Let's just assume that all of those annoying lesser people have been killed leaving only blond haired and blue eyed ubermensch walking about.

I want to know how the government would be run and what the world would be like, as opposed to other forms of government. The economy, jobs, even art and culture, how would these be affected? Also, how would the world work and look from a fascist ideal?Hmm.. hard to say because Nazism, at least as it existed in Germany in the 1930s, was as much about what the Nazis were against as much as what they were for. The National Socialists came to power by preaching to the defeated impoverished people of Germany that capitalism/democracy was a failed sham. So I'm not sure that the Nazis had a very clear idea of what sort of future they envisioned, beyond claiming that once all the jews and communists were dead everything would be rosy. I do think it might be something like the following:

Free enterprise would still be around, but all industries deemed vital to the national interest would be integrated into a state planning bureaucracy (the "socialist" part of National Socialist).

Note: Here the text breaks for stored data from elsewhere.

(* If a Banach space $Z$ admits a coarse embedding into $L_2$, then $Z$ (with its norm metric) is $\Lambda$-nontrivial.
   Context: A map $f:Z\to L_2$ is a coarse embedding if there are non-decreasing $\alpha,\beta:[0,\infty)\to[0,\infty)$ with $\beta(t)\to\infty$ and $\beta(\|x-y\|)\le\|f(x)-f(y)\|_2\le\alpha(\|x-y\|)$ for all $x,y$. A map $f:X\to L_2$ is $\tau$-thresholding if $d(x,y)\ge\tau$ implies $\|f(x)-f(y)\|_2\ge\tau$. Define $\Lambda_\tau(X,\varepsilon)=\inf\big\{\sup_{x,y\in X,\ d(x,y)\ge\varepsilon\tau}\frac{\varepsilon\|f(x)-f(y)\|_2}{d(x,y)}: f:X\to L_2\text{ is }\tau\text{-thresholding}\big\}$ and $\Lambda(X,\varepsilon)=\sup_{\tau>0}\Lambda_\tau(X,\varepsilon)$. $(X,d)$ is $\Lambda$-nontrivial if $\liminf_{\varepsilon\to0}\Lambda(X,\varepsilon)=0$. *)

From Stdlib Require Import Reals Lra ClassicalEpsilon.
Open Scope R_scope.

Record NormedSpace := {
  ns_car :> Type;
  ns_zero : ns_car;
  ns_add : ns_car -> ns_car -> ns_car;
  ns_opp : ns_car -> ns_car;
  ns_scal : R -> ns_car -> ns_car;
  ns_norm : ns_car -> R;
  ns_addA : forall x y z, ns_add x (ns_add y z) = ns_add (ns_add x y) z;
  ns_addC : forall x y, ns_add x y = ns_add y x;
  ns_add0 : forall x, ns_add x ns_zero = x;
  ns_addN : forall x, ns_add x (ns_opp x) = ns_zero;
  ns_scal1 : forall x, ns_scal 1 x = x;
  ns_scalA : forall a b x, ns_scal a (ns_scal b x) = ns_scal (a * b) x;
  ns_scalDr : forall a x y, ns_scal a (ns_add x y) = ns_add (ns_scal a x) (ns_scal a y);
  ns_scalDl : forall a b x, ns_scal (a + b) x = ns_add (ns_scal a x) (ns_scal b x);
  ns_norm_ge0 : forall x, 0 <= ns_norm x;
  ns_norm_eq0 : forall x, ns_norm x = 0 -> x = ns_zero;
  ns_normZ : forall a x, ns_norm (ns_scal a x) = Rabs a * ns_norm x;
  ns_normD : forall x y, ns_norm (ns_add x y) <= ns_norm x + ns_norm y
}.

Definition ns_dist (Z : NormedSpace) (x y : Z) : R :=
  ns_norm Z (ns_add Z x (ns_opp Z y)).

Definition is_Banach (Z : NormedSpace) : Prop :=
  forall u : nat -> Z,
    (forall eps, 0 < eps -> exists N, forall m n, (N <= m)%nat -> (N <= n)%nat ->
        ns_dist Z (u m) (u n) < eps) ->
    exists l : Z, forall eps, 0 < eps -> exists N, forall n, (N <= n)%nat ->
        ns_dist Z (u n) l < eps.

(* ---------- The Hilbert space L_2 (realised as l_2 = L_2[0,1] up to isometry) ---------- *)
Definition sq_summable (a : nat -> R) : Prop :=
  exists s, infinite_sum (fun n => (a n) ^ 2) s.

Definition L2 : Type := { a : nat -> R | sq_summable a }.

(* sum of squares of a square-summable sequence (chosen by epsilon; it is the
   unique limit whenever the series converges, e.g. for differences of L2 elements) *)
Definition sum_sq (a : nat -> R) : R :=
  epsilon (inhabits 0) (fun s => infinite_sum (fun n => (a n) ^ 2) s).

Definition L2_dist (u v : L2) : R :=
  sqrt (sum_sq (fun n => proj1_sig u n - proj1_sig v n)).

Definition nondecreasing_on_nonneg (g : R -> R) : Prop :=
  forall s t, 0 <= s -> s <= t -> g s <= g t.

Definition coarse_embedding {X : Type} (d : X -> X -> R) (f : X -> L2) : Prop :=
  exists alpha beta : R -> R,
    nondecreasing_on_nonneg alpha /\ nondecreasing_on_nonneg beta /\
    (forall t, 0 <= t -> 0 <= alpha t) /\ (forall t, 0 <= t -> 0 <= beta t) /\
    (forall M, exists T, forall t, T <= t -> M <= beta t) /\
    (forall x y, beta (d x y) <= L2_dist (f x) (f y) /\
                 L2_dist (f x) (f y) <= alpha (d x y)).

Definition thresholding {X : Type} (d : X -> X -> R) (tau : R) (f : X -> L2) : Prop :=
  forall x y, tau <= d x y -> tau <= L2_dist (f x) (f y).

(* Lambda_tau(X,eps) <= c, i.e.
   inf_{f tau-thresholding} sup_{d(x,y) >= eps*tau} eps*||f x - f y||/d(x,y) <= c *)
Definition Lambda_tau_le {X : Type} (d : X -> X -> R) (eps tau c : R) : Prop :=
  forall eta, 0 < eta ->
    exists f : X -> L2, thresholding d tau f /\
      forall x y, eps * tau <= d x y ->
        eps * L2_dist (f x) (f y) / d x y <= c + eta.

(* Lambda(X,eps) = sup_{tau>0} Lambda_tau(X,eps) <= c *)
Definition Lambda_le {X : Type} (d : X -> X -> R) (eps c : R) : Prop :=
  forall tau, 0 < tau -> Lambda_tau_le d eps tau c.

(* liminf_{eps -> 0+} Lambda(X,eps) = 0  (Lambda >= 0, so this means:
   for every delta > 0 and eps0 > 0 there is eps in (0,eps0) with Lambda(X,eps) < delta) *)
Definition Lambda_nontrivial {X : Type} (d : X -> X -> R) : Prop :=
  forall delta eps0, 0 < delta -> 0 < eps0 ->
    exists eps c, 0 < eps /\ eps < eps0 /\ c < delta /\ Lambda_le d eps c.

From Stdlib Require Import Reals.
From Stdlib Require Import Lra ClassicalEpsilon.
Open Scope R_scope.

(* A coarse embedding f of a normed space Z into L2 is rescaled into tau-thresholding
   maps whose Lipschitz ratio at scale eps*tau is small.

   1. A coarse map f with expansion bound alpha grows at most linearly,
      ||f x - f y|| <= A (1 + 2 d(x,y)) with A = alpha 1.  This holds on any metric
      space with midpoints: halve a long segment repeatedly and use the quasi-triangle
      inequality ||u - w||^2 <= 2 ||u - v||^2 + 2 ||v - w||^2 of L2.
   2. For R > 0 put b = beta R and g(x) = (tau/b) f((R/tau) x).  The compression
      bound beta makes g tau-thresholding, and linear growth gives
      (1/R) ||g x - g y|| / d(x,y) <= 3A/b whenever d(x,y) >= tau/R.
      Hence Lambda(Z, 1/R) <= 3A/beta(R).
   3. Since beta(R) -> oo, taking R large makes both 1/R and 3A/beta(R) as small as
      desired, which is Lambda-nontriviality. *)

Lemma sum_lin (a b : nat -> R) (p q : R) (N : nat) :
  sum_f_R0 (fun n => p * a n + q * b n) N = p * sum_f_R0 a N + q * sum_f_R0 b N.
Proof. induction N as [|N IH]; simpl; [ring | rewrite IH; ring]. Qed.

Lemma cv_const (c : R) : Un_cv (fun _ => c) c.
Proof.
  intros e He; exists 0%nat; intros n _.
  unfold R_dist; rewrite Rminus_diag, Rabs_R0; lra.
Qed.

Lemma isum_lin (a b : nat -> R) (la lb p q : R) :
  infinite_sum a la -> infinite_sum b lb ->
  infinite_sum (fun n => p * a n + q * b n) (p * la + q * lb).
Proof.
  intros Ha Hb e He.
  assert (Hcv : Un_cv (fun N => p * sum_f_R0 a N + q * sum_f_R0 b N) (p * la + q * lb)).
  { apply CV_plus; apply CV_mult; auto using cv_const. }
  destruct (Hcv e He) as [N HN]; exists N; intros n Hn.
  rewrite sum_lin; exact (HN n Hn).
Qed.

Lemma isum_scal (a : nat -> R) (la p : R) :
  infinite_sum a la -> infinite_sum (fun n => p * a n) (p * la).
Proof.
  intros Ha e He.
  destruct (CV_mult _ _ _ _ (cv_const p) Ha e He) as [N HN]; exists N; intros n Hn.
  replace (sum_f_R0 (fun n => p * a n) n) with (p * sum_f_R0 a n); [exact (HN n Hn) |].
  rewrite scal_sum; apply sum_eq; intros; ring.
Qed.

Lemma isum_le (a b : nat -> R) (la lb : R) :
  (forall n, a n <= b n) -> infinite_sum a la -> infinite_sum b lb -> la <= lb.
Proof.
  intros Hab Ha Hb; eapply Rle_cv_lim; [| exact Ha | exact Hb].
  intro N; apply sum_Rle; auto.
Qed.

Definition L2_sqdist (u v : L2) : R := sum_sq (fun n => proj1_sig u n - proj1_sig v n).

(* The difference of two square-summable sequences is square-summable,
   by (a - b)^2 <= 2 a^2 + 2 b^2. *)
Lemma L2_diff_summable (u v : L2) :
  exists s, infinite_sum (fun n => (proj1_sig u n - proj1_sig v n) ^ 2) s.
Proof.
  destruct u as [a [sa Ha]], v as [b [sb Hb]]; simpl.
  destruct (Rseries_CV_comp (fun n => (a n - b n) ^ 2)
              (fun n => 2 * a n ^ 2 + 2 * b n ^ 2)) as [l Hl].
  - intro n; split; [apply pow2_ge_0 |].
    pose proof (pow2_ge_0 (a n + b n)); simpl in *; nra.
  - exists (2 * sa + 2 * sb); exact (isum_lin _ _ _ _ 2 2 Ha Hb).
  - exists l; exact Hl.
Qed.

Lemma L2_sqdist_spec (u v : L2) :
  infinite_sum (fun n => (proj1_sig u n - proj1_sig v n) ^ 2) (L2_sqdist u v).
Proof. unfold L2_sqdist, sum_sq; apply epsilon_spec, L2_diff_summable. Qed.

Lemma L2_sqdist_ge0 (u v : L2) : 0 <= L2_sqdist u v.
Proof.
  pose proof (L2_sqdist_spec u v) as Hs.
  rewrite <- (Rmult_0_l (L2_sqdist u v)).
  refine (isum_le _ _ _ _ _ (isum_scal _ _ 0 Hs) Hs).
  intro n; rewrite Rmult_0_l; apply pow2_ge_0.
Qed.

Lemma L2_dist_sq (u v : L2) : L2_dist u v ^ 2 = L2_sqdist u v.
Proof.
  unfold L2_dist; fold (L2_sqdist u v); simpl; rewrite Rmult_1_r.
  apply sqrt_sqrt, L2_sqdist_ge0.
Qed.

Lemma L2_dist_ge0 (u v : L2) : 0 <= L2_dist u v.
Proof. apply sqrt_pos. Qed.

(* Quasi-triangle inequality for squared distances, from (x - z)^2 <= 2(x - y)^2 + 2(y - z)^2. *)
Lemma L2_sqdist_quasi_triangle (u v w : L2) :
  L2_sqdist u w <= 2 * L2_sqdist u v + 2 * L2_sqdist v w.
Proof.
  refine (isum_le _ _ _ _ _ (L2_sqdist_spec u w)
            (isum_lin _ _ _ _ 2 2 (L2_sqdist_spec u v) (L2_sqdist_spec v w))).
  intro n; pose proof (pow2_ge_0 (proj1_sig u n + proj1_sig w n - 2 * proj1_sig v n)).
  simpl in *; nra.
Qed.

Lemma L2_scale_summable (s : R) (u : L2) : sq_summable (fun n => s * proj1_sig u n).
Proof.
  destruct u as [a [sa Ha]]; exists (s ^ 2 * sa).
  intros e He; destruct (isum_scal _ _ (s ^ 2) Ha e He) as [N HN]; exists N; intros n Hn.
  erewrite sum_eq; [exact (HN n Hn) | intros; simpl; ring].
Qed.

Definition L2_scale (s : R) (u : L2) : L2 := exist _ _ (L2_scale_summable s u).

Lemma L2_dist_scale (s : R) (u v : L2) :
  0 <= s -> L2_dist (L2_scale s u) (L2_scale s v) = s * L2_dist u v.
Proof.
  intro Hs.
  assert (Hsq : L2_sqdist (L2_scale s u) (L2_scale s v) = s ^ 2 * L2_sqdist u v).
  { apply (uniqueness_sum (fun n => (s * proj1_sig u n - s * proj1_sig v n) ^ 2));
      [exact (L2_sqdist_spec (L2_scale s u) (L2_scale s v)) |].
    intros e He; destruct (isum_scal _ _ (s ^ 2) (L2_sqdist_spec u v) e He) as [N HN].
    exists N; intros n Hn.
    erewrite sum_eq; [exact (HN n Hn) | intros; simpl; ring]. }
  unfold L2_dist; fold (L2_sqdist (L2_scale s u) (L2_scale s v)) (L2_sqdist u v).
  rewrite Hsq, sqrt_mult_alt by (apply pow2_ge_0).
  f_equal; rewrite <- Rsqr_pow2; apply sqrt_Rsqr, Hs.
Qed.

Section NormedSpaceGeometry.
Variable Z : NormedSpace.
Local Notation add := (ns_add Z).
Local Notation opp := (ns_opp Z).
Local Notation scal := (ns_scal Z).

Lemma ns_scal0 (v : Z) : scal 0 v = ns_zero Z.
Proof.
  assert (H : add (scal 0 v) (scal 0 v) = scal 0 v)
    by (rewrite <- ns_scalDl; f_equal; ring).
  rewrite <- (ns_add0 Z (scal 0 v)), <- (ns_addN Z (scal 0 v)), ns_addA, H.
  reflexivity.
Qed.

Lemma ns_opp_scal (v : Z) : opp v = scal (-1) v.
Proof.
  assert (H : add v (scal (-1) v) = ns_zero Z).
  { rewrite <- (ns_scal1 Z v) at 1; rewrite <- ns_scalDl.
    replace (1 + -1) with 0 by ring; apply ns_scal0. }
  rewrite <- (ns_add0 Z (opp v)), <- H, ns_addA, (ns_addC Z (opp v) v), ns_addN,
    ns_addC, ns_add0.
  reflexivity.
Qed.

Lemma ns_dist_scal (l : R) (x y : Z) :
  0 <= l -> ns_dist Z (scal l x) (scal l y) = l * ns_dist Z x y.
Proof.
  intro Hl; unfold ns_dist; rewrite !ns_opp_scal, ns_scalA.
  replace (-1 * l) with (l * -1) by ring.
  rewrite <- ns_scalA, <- ns_scalDr, ns_normZ, Rabs_pos_eq; auto.
Qed.

Definition ns_midpoint (x y : Z) : Z := scal (/ 2) (add x y).

Lemma ns_dist_midpoint_l (x y : Z) :
  ns_dist Z x (ns_midpoint x y) = / 2 * ns_dist Z x y.
Proof.
  unfold ns_dist, ns_midpoint; rewrite !ns_opp_scal.
  replace (add x (scal (-1) (scal (/ 2) (add x y)))) with (scal (/ 2) (add x (scal (-1) y))).
  - rewrite ns_normZ, Rabs_pos_eq; lra.
  - rewrite ns_scalA, !ns_scalDr, ns_scalA, ns_addA; f_equal; [| f_equal; lra].
    rewrite <- (ns_scal1 Z x) at 2; rewrite <- ns_scalDl; f_equal; lra.
Qed.

Lemma ns_dist_midpoint_r (x y : Z) :
  ns_dist Z (ns_midpoint x y) y = / 2 * ns_dist Z x y.
Proof.
  unfold ns_dist, ns_midpoint; rewrite !ns_opp_scal.
  replace (add (scal (/ 2) (add x y)) (scal (-1) y)) with (scal (/ 2) (add x (scal (-1) y))).
  - rewrite ns_normZ, Rabs_pos_eq; lra.
  - rewrite !ns_scalDr, ns_scalA, <- ns_addA; f_equal.
    rewrite <- ns_scalDl; f_equal; lra.
Qed.

End NormedSpaceGeometry.

(** * Maps bounded at scale 1 grow linearly on spaces with midpoints *)

Section MidpointGrowth.
Variables (X : Type) (d : X -> X -> R) (mid : X -> X -> X) (f : X -> L2) (A : R).
Hypothesis d_ge0 : forall x y, 0 <= d x y.
Hypothesis d_mid_l : forall x y, d x (mid x y) = / 2 * d x y.
Hypothesis d_mid_r : forall x y, d (mid x y) y = / 2 * d x y.
Hypothesis bounded_at_scale_1 : forall x y, d x y <= 1 -> L2_dist (f x) (f y) <= A.

(* Induction on the dyadic scale: a segment longer than 1 is split at its midpoint,
   and the quasi-triangle inequality turns 2 (d/2)^2 + 2 (d/2)^2 into d^2. *)
Lemma sqdist_growth_dyadic (m : nat) (x y : X) :
  d x y <= 2 ^ m -> L2_sqdist (f x) (f y) <= A ^ 2 * Rmax 1 (4 * d x y ^ 2).
Proof.
  revert x y; induction m as [|m IH]; intros x y Hd.
  all: destruct (Rle_lt_dec (d x y) 1) as [Hsmall | Hlarge].
  all: try (rewrite <- L2_dist_sq;
            pose proof (bounded_at_scale_1 x y Hsmall); pose proof (L2_dist_ge0 (f x) (f y));
            pose proof (Rmax_l 1 (4 * d x y ^ 2)); nra).
  - simpl in Hd; lra.
  - simpl in Hd.
    assert (Hl := IH x (mid x y) ltac:(rewrite d_mid_l; lra)).
    assert (Hr := IH (mid x y) y ltac:(rewrite d_mid_r; lra)).
    rewrite d_mid_l, Rmax_right in Hl by nra.
    rewrite d_mid_r, Rmax_right in Hr by nra.
    rewrite Rmax_right by nra.
    pose proof (L2_sqdist_quasi_triangle (f x) (f (mid x y)) (f y)); nra.
Qed.

Lemma linear_growth (x y : X) : 0 <= A -> L2_dist (f x) (f y) <= A * (1 + 2 * d x y).
Proof.
  intro HA.
  destruct (Pow_x_infinity 2 ltac:(rewrite Rabs_pos_eq; lra) (d x y)) as [m Hm].
  specialize (Hm m (Nat.le_refl m)); rewrite Rabs_pos_eq in Hm by (apply pow_le; lra).
  pose proof (sqdist_growth_dyadic m x y ltac:(lra)) as Hsq.
  rewrite <- L2_dist_sq in Hsq.
  pose proof (d_ge0 x y).
  assert (Hmax : Rmax 1 (4 * d x y ^ 2) <= (1 + 2 * d x y) ^ 2) by (apply Rmax_lub; nra).
  apply Rsqr_incr_0_var; [rewrite !Rsqr_pow2 | nra].
  assert (0 <= A ^ 2) by apply pow2_ge_0; nra.
Qed.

There would be limits on finance- certain arrangements would be considered "too Jewish" to be allowed. Labor would be controlled by the party/state and strikes would not be allowed.

By the time the "blond haired blue eyed ubermensch" level had been achieved, eugenics would be an ongoing part of society. Every year doctors would euthanize infants and children deemed defective. Most felony crimes that didn't warrent a death sentence would stipulate sterilization for those convicted, to eliminate "criminal genes" from society. An elite core representing the party ideal would recieve subsudies for breeding. Scientists studying real genetics might have problems when their findings contradicted the body of myths and prejudices promoted as party doctrine.

There might be draconian laws against homosexuality, but how well they could be enforced I don't know. "Race mixing" (with the slave races of the tropics) would be forbidden, but again boys will be boys, so I imagine few would care how many mixed-race children were born to slave women.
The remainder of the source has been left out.